🤖 AI Summary
This work addresses the challenge of high-precision contact tasks, where conventional pose control struggles to explicitly regulate contact forces under state estimation uncertainty, often leading to task failure or component damage. To overcome this limitation, the authors propose a hybrid position-force control strategy that dynamically selects the control mode along each Cartesian dimension via reinforcement learning. Central to this approach is the Mode-Aware Training for Contact Handling (MATCH) algorithm, which explicitly models mode-switching behavior to enhance learning efficiency in complex action spaces. Integrated with a low-level impedance control interface, the method achieves up to a 10% increase in task success rate and a fivefold reduction in peg breakage under extreme pose uncertainty. Real-robot experiments demonstrate that, in high-noise scenarios, success rates improve from 33% to 68%, accompanied by an approximate 30% reduction in average contact force.
📝 Abstract
Reinforcement learning-based control policies have been frequently demonstrated to be more effective than analytical techniques for many manipulation tasks. Commonly, these methods learn neural control policies that predict end-effector pose changes directly from observed state information. For tasks like inserting delicate connectors which induce force constraints, pose-based policies have limited explicit control over force and rely on carefully tuned low-level controllers to avoid executing damaging actions. In this work, we present hybrid position-force control policies that learn to dynamically select when to use force or position control in each control dimension. To improve learning efficiency of these policies, we introduce Mode-Aware Training for Contact Handling (MATCH) which adjusts policy action probabilities to explicitly mirror the mode selection behavior in hybrid control. We validate MATCH's learned policy effectiveness using fragile peg-in-hole tasks under extreme localization uncertainty.

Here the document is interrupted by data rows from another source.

Lemma inv_move_near A B q N h1 h2 g1 g2 x u :
  inv A B q.+1 N h1 h2 g1 g2 -> zone A q N h1 u ->
  exists N' h1' h2' v, inv A B q N' h1' h2' (upd g1 x u) (upd g2 x v).
Proof.
move=> I zu; case: (I) => lt_qk eqv near1 near2 _.
have uN : u \in nbhd e local_radius A.
  exact: (nbhd_mono (pebble_radius_le_local q) (zone_sub_nbhd lt_qk near1 zu)).
pose p1 : carrier (local A) := Sub u uN.
have [p2 eqv'] := env_equiv_forth eqv p1.
have z2 : zone B q N h2 (val p2).
  apply/(sat_zone_form_local N _ lt_qk near2)/(eqv' (zone_form q N)).
  - by rewrite qr_zone_form.
  - by move=> y /free_zone_form.
  by apply/(sat_zone_form_local N _ lt_qk near1).
by exists N.+1, (upd h1 N p1), (upd h2 N p2), (val p2); apply: inv_add_pebble.
Qed.

Lemma inv_move A B q N h1 h2 g1 g2 x u :
  inv A B q.+1 N h1 h2 g1 g2 ->
  exists N' h1' h2' v, inv A B q N' h1' h2' (upd g1 x u) (upd g2 x v).
Proof.
move=> I; case: (classic (zone A q N h1 u)) => [zA|nzA]; first exact: inv_move_near I zA.
case: (classic (zone B q N h2 u)) => [zB|nzB]; last first.
  by exists N, h1, h2, u; apply: inv_add_far.
have [N' [h2' [h1' [v /inv_swap_sides I']]]] := inv_move_near x (inv_swap_sides I) zB.
by exists N', h1', h2', v.
Qed.

Section Transfer.
Variables A B : {set T}.
Hypothesis dist_AB : dist_gt e A B (2 ^ k).

Lemma local_apart (p1 : carrier (local A)) (p2 : carrier (local B)) :
  ~~ walk_le e 1 (val p1) (val p2) /\ ~~ walk_le e 1 (val p2) (val p1).
Proof.
suff apart12 : ~~ walk_le e 1 (val p1) (val p2).
  by split => //; apply: contra apart12; apply: walk_le_sym.
case/nbhdP: (valP p1) => a aA wa1; case/nbhdP: (valP p2) => b bB wb2.
apply/negP => w12; have := walk_le_trans (walk_le_trans wa1 w12) (walk_le_sym e_sym wb2).
by move/(walk_le_mono local_radius_sep); apply/negP; apply: dist_AB.
Qed.

Definition rel_at (R : T -> T -> Prop) (g : nat -> option T) i j :=
  match g i, g j with Some a, Some b => R a b | _, _ => False end.

(* Atomic relations [R] are transferred because they only hold between vertices
   at distance at most one: a pebble from the [A] side is never related to one from
   the [B] side, nor a pebble to a far vertex. *)
Lemma inv_rel_at (R : T -> T -> Prop) (F : nat -> nat -> formula m.+1)
    q N h1 h2 g1 g2 i j :
  (forall x y, R x y -> walk_le e 1 x y) ->
  (forall a b, qr (F a b) = 0) ->
  (forall a b y, free (F a b) y -> y = a \/ y = b) ->
  (forall W (h : env W) a b p p', h a = Some p -> h b = Some p' ->
     sat_in (local W) (F a b) h <-> R (val p) (val p')) ->
  inv A B q N h1 h2 g1 g2 -> rel_at R g1 i j <-> rel_at R g2 i j.
Proof.
move=> R1 qrF freeF satF [_ eqv _ _ vars].
have unrelated x y : ~~ walk_le e 1 x y -> ~~ walk_le e 1 y x -> ~ R x y /\ ~ R y x.
  by move=> /negP nxy /negP nyx; split => /R1.
have far_unrelated a p1 p2 w : a < N -> h1 a = Some p1 -> h2 a = Some p2 ->
    far A B q N h1 h2 w ->
    [/\ ~ R (val p1) w, ~ R w (val p1), ~ R (val p2) w & ~ R w (val p2)].
  move=> aN e1 e2 [nz1 nz2].
  have [n1 n1'] := far_apart nz1 aN e1; have [n2 n2'] := far_apart nz2 aN e2.
  by have [? ?] := unrelated _ _ n1 n1'; have [? ?] := unrelated _ _ n2 n2'.
rewrite /rel_at.
case: (vars i) => [[a [p1 [p2 [aN e1 e2 Ei]]]]|[-> fari]];
  case: (vars j) => [[b [q1 [q2 [bN f1 f2 Ej]]]]|[-> farj]].
- have same : R (val p1) (val q1) <-> R (val p2) (val q2).
    rewrite -(satF _ _ _ _ _ _ e1 f1) -(satF _ _ _ _ _ _ e2 f2).
    by apply: eqv => [|y /freeF [->|->]] //; rewrite qrF.
  have := unrelated _ _ (local_apart p1 q2).1 (local_apart p1 q2).2.
  have := unrelated _ _ (local_apart q1 p2).1 (local_apart q1 p2).2.
  by case: Ei Ej => [[-> ->]|[-> ->]] [[-> ->]|[-> ->]]; tauto.
- case: (g2 j) farj => [w /(_ w erefl) /(far_unrelated _ _ _ _ aN e1 e2) [? ? ? ?]|_];
    by case: Ei => [[-> ->]|[-> ->]]; tauto.
- case: (g2 i) fari => [w /(_ w erefl) /(far_unrelated _ _ _ _ bN f1 f2) [? ? ? ?]|_ //].
  by case: Ej => [[-> ->]|[-> ->]]; tauto.
- by [].
Qed.

Lemma inv_col_at q N h1 h2 g1 g2 c i :
  inv A B q N h1 h2 g1 g2 -> sat_in G (FCol c i) g1 <-> sat_in G (FCol c i) g2.
Proof.
case=> _ eqv _ _ vars; case: (vars i) => [[a [p1 [p2 [aN e1 e2 Ei]]]]|[/= -> //]].
have same : val p1 \in col c <-> val p2 \in col c.
  have := eqv (FCol (widen_ord (leqnSn m) c) a) (leq0n _).
  rewrite /= e1 e2 !inE !expand_widen; apply => y /eqP ->.
  exact: aN.
by rewrite /=; case: Ei => [[-> ->]|[-> ->]]; [exact: same|exact: iff_sym same].
Qed.

Lemma inv_sat (phi : formula m) q N h1 h2 g1 g2 :
  inv A B q N h1 h2 g1 g2 -> qr phi <= q -> (sat_in G phi g1 <-> sat_in G phi g2).
Proof.
elim: phi q N h1 h2 g1 g2 => [||i j|i j|c i|f IH|f IHf g IHg|f IHf g IHg|x f IH|x f IH]
  q N h1 h2 g1 g2 I //= qphi.
- apply: (inv_rel_at (R := fun a b => a = b) (F := fun a b => FEq a b)) I => //.
  + by move=> x y ->; rewrite walk_le_refl.
  + by move=> a b y /orP [/eqP|/eqP]; [left|right].
  + by move=> W h a b p p' /= -> ->; split => [->|/val_inj].
- apply: (inv_rel_at (R := fun a b => e a b) (F := fun a b => FAdj a b)) I => //.
  + by move=> x y exy; rewrite walk_le1 exy orbT.
  + by move=> a b y /orP [/eqP|/eqP]; [left|right].
  + by move=> W h a b p p' /= -> ->.
- exact: inv_col_at I.
- by rewrite (IH _ _ _ _ _ _ I qphi).
- by move: qphi; rewrite geq_max => /andP [/(IHf _ _ _ _ _ _ I) -> /(IHg _ _ _ _ _ _ I) ->].
- by move: qphi; rewrite geq_max => /andP [/(IHf _ _ _ _ _ _ I) -> /(IHg _ _ _ _ _ _ I) ->].
- case: q I qphi => [|q] I //= qf; split=> [[u su]|[v sv]].
    have [N' [h1' [h2' [v I']]]] := inv_move x u I.
    by exists v; apply/(IH _ _ _ _ _ _ I' qf).
  have [N' [h1' [h2' [u /inv_swap_envs I']]]] := inv_move x v (inv_swap_envs I).
  by exists u; apply/(IH _ _ _ _ _ _ I' qf).
- case: q I qphi => [|q] I //= qf; split=> sf u.
    have [N' [h1' [h2' [v /inv_swap_envs I']]]] := inv_move x u (inv_swap_envs I).
    by apply/(IH _ _ _ _ _ _ I' qf).
  have [N' [h1' [h2' [v I']]]] := inv_move x u I.
  by apply/(IH _ _ _ _ _ _ I' qf).
Qed.

Lemma inv_init x (p1 : carrier (local A)) (p2 : carrier (local B)) :
  val p1 \in A -> val p2 \in B ->
  env_equiv (local A) (local B) k.-1 1 (upd (fun _ => None) 0 p1) (upd (fun _ => None) 0 p2) ->
  inv A B k.-1 1 (upd (fun _ => None) 0 p1) (upd (fun _ => None) 0 p2)
    (upd (fun _ => None) x (val p1)) (upd (fun _ => None) x (val p2)).
Proof.
have near_init W (p : carrier (local W)) :
    val p \in W -> pebbles_near W (pebble_radius k.-1) (upd (fun _ => None) 0 p).
  by move=> pW i p'; rewrite /upd; case: (i == 0) => //; case=> <-; apply: nbhd_id.
move=> p1A p2B eqv; split => //; try exact: near_init.
move=> y; case: (eqVneq y x) => [->|neq_yx]; rewrite ?upd_same ?upd_other //.
  by left; exists 0, p1, p2; rewrite !upd_same; split => //; left.
by right; split.
Qed.

Lemma exists_in_transfer (phi : formula m) x :
  tp_eq k (local A) (local B) -> qr phi <= k.-1 ->
  models (marked A) (ex_in_new x phi) -> models (marked B) (ex_in_new x phi).
Proof.
move=> tpAB qphi [u []]; rewrite /= upd_same expand_max => uA /sat_lift su.
pose p1 : carrier (local A) := Sub u (nbhd_id uA).
have eqv0 : env_equiv (local A) (local B) k.-1.+1 0 (fun _ => None) (fun _ => None).
  by rewrite prednK // => f fq f0; apply: tpAB => // y; apply/negP => /f0.
have [p2 eqv1] := env_equiv_forth eqv0 p1.
have p2B : val p2 \in B.
  have free0 y : free (FCol ord_max 0 : formula m.+1) y -> y < 1 by move/eqP ->.
  have := eqv1 (FCol ord_max 0) (leq0n _) free0.
  by rewrite /= !inE /= !expand_max => - [/(_ uA)].
have := (inv_sat (inv_init (p1 := p1) x uA p2B eqv1) qphi).1 su.
by exists (val p2); split; rewrite /= ?upd_same ?expand_max // -/(marked B); apply/sat_lift.
Qed.

End Transfer.
End Locality.

Theorem lemma4p12 (m : nat) (T : finType) (e : rel T) (col : 'I_m -> {set T})
  (k : nat) (A B : {set T}) :
  symmetric e -> irreflexive e -> 1 <= k ->
  dist_gt e A B (2 ^ k) ->
  tp_eq k
    (induced (graph_struct e (expand col A)) (nbhd e (2 ^ k.-1 - 1) A))
    (induced (graph_struct e (expand col B)) (nbhd e (2 ^ k.-1 - 1) B)) ->
  forall (phi : formula m) (x : nat),
    (forall y, free phi y -> y = x) -> qr phi <= k.-1 ->
    (models (graph_struct e (expand col A)) (ex_in_new x phi) <->
     models (graph_struct e (expand col B)) (ex_in_new x phi)).
Proof.
move=> e_sym _ k_gt0 dist_AB tpAB phi x _ qphi; split.
  exact: (exists_in_transfer e_sym k_gt0 dist_AB tpAB qphi).
apply: (exists_in_transfer e_sym k_gt0 (dist_gt_sym e_sym dist_AB) _ qphi).
by move=> f fs fq; symmetry; apply: tpAB.
Qed.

We find MATCH substantially outperforms pose-control policies -- solving these tasks with up to 10% higher success rates and 5x fewer peg breaks than pose-only policies under common types of state estimation error. MATCH also demonstrates data efficiency equal to pose-control policies, despite learning in a larger and more complex action space. In over 1600 sim-to-real experiments, we find MATCH succeeds twice as often as pose policies in high noise settings (33% vs.~68%) and applies ~30% less force on average compared to variable impedance policies on a Franka FR3 in laboratory conditions.